After lobbying by chief executive Touraj Zanganeh, the Iranian Civil Aviation Organisation and the Ministry of Foreign Affairs, IranAir (IR, Tehran Mehrabad) has resumed flights to Europe less than three days after they were initially suspended for reasons unspecified. At the time the termination of flights was announced on Sunday, March 8, the secretary of the Association of Iranian Airlines, Asadani Samani, claimed that the "unknown reasons" were a result of US sanctions rather than COVID-19 restrictions.
In a brief statement issued on March 10, IranAir said that all European flights, except those to Vienna, Stockholm Arlanda, and Gothenburg Landvetter which have stopped flights due to restrictions imposed resulting from the COVID-19 outbreak, would resume normal service effective March 11.

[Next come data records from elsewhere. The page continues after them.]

Lemma exists_face_change_on_arc (l : D -> bool) b :
  (forall d, tail d = s0 -> l d = false) -> (forall d, tail d = s1 -> l d = true) ->
  exists d, on_arc b d && face_change l d.
Proof.
move=> l0 l1; case: (boolP [exists d, on_arc b d && face_change l d]) => [/existsP //|].
move=> /existsPn no_change.
have l_special d : special d -> (tail d == s0) = ~~ l d.
  case/orP => /eqP td; first by rewrite td eqxx l0.
  by rewrite td l1 // eq_sym (negPf s01).
have [y [ty fy]] : exists y, tail y = (if b then s0 else s1) /\ face y = outer G.
  by case: (b).
have [z [tz fz]] : exists z, tail z = (if b then s1 else s0) /\ face z = outer G.
  by case: (b).
have sy : special y by rewrite /special ty; case: (b); rewrite eqxx ?orbT.
have ly : l y = ~~ b by case: (b) ty => ty; [apply: l0 | apply: l1].
have lz : l z = b by case: (b) tz => tz; [apply: l1 | apply: l0].
(* Without a change on A_b, walking backwards from [y] keeps to A_b with label
   [~~ b] until it reaches [z], which is labeled [b]. *)
have back k : on_arc b (iter k fp y) && (l (iter k fp y) == ~~ b).
  elim: k => [|k /andP [arc_k lk]] /=.
    by rewrite /on_arc next_special_id // fy eqxx l_special // ly negbK !eqxx.
  set x := iter k fp y in arc_k lk *.
  have lx : l (fp x) = l x by have := no_change x; rewrite arc_k negbK => /eqP.
  rewrite lx lk andbT; case: (boolP (special (fp x))) => [sx|nsx].
    have /andP [fx _] := arc_k.
    rewrite /on_arc next_special_id // (face_finv_phi alphaK sigma_inj face_phi) fx.
    by rewrite l_special // lx (eqP lk) negbK eqxx.
  by rewrite -(on_arc_phi b nsx) f_finv.
have yz : fconnect fp y z by rewrite (same_fconnect_finv phi_inj) -face_fconnect fz fy.
have := back (findex fp y z); rewrite iter_findex // lz => /andP [_].
by case: (b).
Qed.
Lemma mulmx_energyE (c : 'M[R]_(Nx, Np)) (p : R -> 'cV[R]_Np) (t : R) i :
  (forall j, mu.-integrable `[0, t] (EFin \o (fun tau => p tau j 0))) ->
  (c *m energy p t) i 0 =
  \int[mu]_(tau in `[0, t]) (\sum_(j <- index_enum 'I_Np) c i j * p tau j 0).
Proof.
by move=> pi; rewrite mxE Rintegral_lincomb //; apply: eq_bigr => j _; rewrite mxE.
Qed.

Section Comparison.
Variables (p : R -> 'cV[R]_Np) (t : R) (c : 'M[R]_(Nx, Np)) (i : 'I_Nx).
Hypotheses (p_int : forall j, mu.-integrable `[0, t] (EFin \o (fun tau => p tau j 0)))
  (p0 : forall tau j, (`[0, t]%classic : set R) tau -> 0 <= p tau j 0).

Let weighted_integrable :
  mu.-integrable `[0, t] (EFin \o (fun tau => \sum_(j <- index_enum 'I_Np) c i j * p tau j 0)).
Proof. by apply: integrable_sum_mul => // j; exists `|c i j|. Qed.

Lemma bvec_le_mulmx_energy :
  (forall tau j, (`[0, t]%classic : set R) tau -> (expm A (t - tau) *m Bp) i j <= c i j) ->
  bvec A Bp p t i 0 <= (c *m energy p t) i 0.
Proof.
move=> Kc; rewrite mulmx_energyE // mxE.
apply: le_Rintegral => //; first exact: integrable_kernel_mul.
by move=> tau tau_t; rewrite mxE; apply: ler_sum => j _; rewrite ler_wpM2r ?p0 ?Kc.
Qed.

Lemma mulmx_energy_le_bvec :
  (forall tau j, (`[0, t]%classic : set R) tau -> c i j <= (expm A (t - tau) *m Bp) i j) ->
  (c *m energy p t) i 0 <= bvec A Bp p t i 0.
Proof.
move=> cK; rewrite mulmx_energyE // [leRHS]mxE.
apply: le_Rintegral => //; first exact: integrable_kernel_mul.
by move=> tau tau_t; rewrite mxE; apply: ler_sum => j _; rewrite ler_wpM2r ?p0 ?cK.
Qed.

End Comparison.

End BoxBounds.

Lemma vle_mulmx2l (R : realType) m n k (M : 'M[R]_(m, n)) (u v : 'M[R]_(n, k)) :
  (forall i j, 0 <= M i j) -> vle u v -> vle (M *m u) (M *m v).
Proof. by move=> M0 uv i j; rewrite !mxE; apply: ler_sum => l _; rewrite ler_wpM2l. Qed.

Section State.
Variables (R : realType) (Nx Np Nd : nat) (A : 'M[R]_Nx) (Bp : 'M[R]_(Nx, Np))
  (Bd : 'M[R]_(Nx, Nd)) (x0 : 'cV[R]_Nx) (d : R -> 'cV[R]_Nd) (t : R).
Local Notation mu := (@lebesgue_measure R).
Hypothesis d_int : forall k, mu.-integrable `[0, t] (EFin \o (fun tau => d tau k 0)).

Lemma stateE (p : R -> 'cV[R]_Np) i :
  (forall j, mu.-integrable `[0, t] (EFin \o (fun tau => p tau j 0))) ->
  state A Bp Bd x0 d p t i 0 =
  (expm A t *m x0) i 0 +
  \int[mu]_(tau in `[0, t]) (expm A (t - tau) *m Bd *m d tau) i 0 +
  bvec A Bp p t i 0.
Proof.
move=> p_int; rewrite /state /bvec !mxE -addrA; congr (_ + _).
under eq_Rintegral do rewrite mulmxDr !mulmxA mxE.
by rewrite RintegralD //; exact: integrable_kernel_mul.
Qed.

In February, the European Union Aviation Safety Agency (EASA) expressed concern that the two A330-200s and sole A321-200 IranAir had deployed on its European services were not using the latest software updates. As a result, the airline elected to withdraw the use of the aircraft, maintaining its European flying programme with its fleet of four A300-600s and two A310-300s. However, following the brief suspension, ch-aviation analysis of Flightradar24 ADS-B data shows flight IR721 from Tehran Imam Khomeini to Frankfurt International on March 11 operated using A320-200 EP-IEE (msn 303) and with what appears to have been a technical stop at Rimini, Italy on both the inbound and outbound sectors.
According to the ch-aviation schedules module, Iran Air's EU network entails flights from Tehran Imam Khomeini to Amsterdam Schiphol (2x weekly), Cologne/Bonn (1x weekly), Frankfurt (3x weekly), Gothenburg (1x weekly), Hamburg Helmut Schmidt (2x weekly), London Heathrow (3x weekly), Milan Malpensa (2x weekly), Paris CDG (2x weekly), Stockholm Arlanda (2x weekly) and Vienna (2x weekly).